- Assignment: Return every line of the data below that includes the string "auto".

- Extracted material:
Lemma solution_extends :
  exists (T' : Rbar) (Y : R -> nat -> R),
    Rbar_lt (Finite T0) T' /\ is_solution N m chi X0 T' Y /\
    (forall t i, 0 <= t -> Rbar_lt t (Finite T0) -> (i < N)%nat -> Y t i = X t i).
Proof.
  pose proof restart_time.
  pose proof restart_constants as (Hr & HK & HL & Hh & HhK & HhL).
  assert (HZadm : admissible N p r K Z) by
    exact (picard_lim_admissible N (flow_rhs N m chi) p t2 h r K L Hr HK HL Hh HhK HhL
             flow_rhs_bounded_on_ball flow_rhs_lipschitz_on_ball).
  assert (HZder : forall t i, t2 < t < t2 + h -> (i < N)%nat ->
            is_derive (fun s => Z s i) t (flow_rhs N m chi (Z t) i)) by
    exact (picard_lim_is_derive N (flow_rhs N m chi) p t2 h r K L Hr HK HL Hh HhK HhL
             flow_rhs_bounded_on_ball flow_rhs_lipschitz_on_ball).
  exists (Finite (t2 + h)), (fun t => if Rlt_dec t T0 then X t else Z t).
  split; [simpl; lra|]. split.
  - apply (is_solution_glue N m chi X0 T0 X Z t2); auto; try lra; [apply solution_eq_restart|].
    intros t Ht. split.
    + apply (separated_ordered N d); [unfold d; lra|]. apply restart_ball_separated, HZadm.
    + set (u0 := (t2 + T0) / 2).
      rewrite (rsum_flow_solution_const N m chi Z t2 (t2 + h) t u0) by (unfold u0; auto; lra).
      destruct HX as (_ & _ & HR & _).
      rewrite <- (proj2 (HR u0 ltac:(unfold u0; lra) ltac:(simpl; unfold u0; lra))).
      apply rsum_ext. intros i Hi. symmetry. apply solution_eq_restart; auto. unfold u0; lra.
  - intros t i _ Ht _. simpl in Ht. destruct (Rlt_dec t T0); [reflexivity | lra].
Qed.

- Task result:
  - apply (is_solution_glue N m chi X0 T0 X Z t2); auto; try lra; [apply solution_eq_restart|].
      rewrite (rsum_flow_solution_const N m chi Z t2 (t2 + h) t u0) by (unfold u0; auto; lra).
      apply rsum_ext. intros i Hi. symmetry. apply solution_eq_restart; auto. unfold u0; lra.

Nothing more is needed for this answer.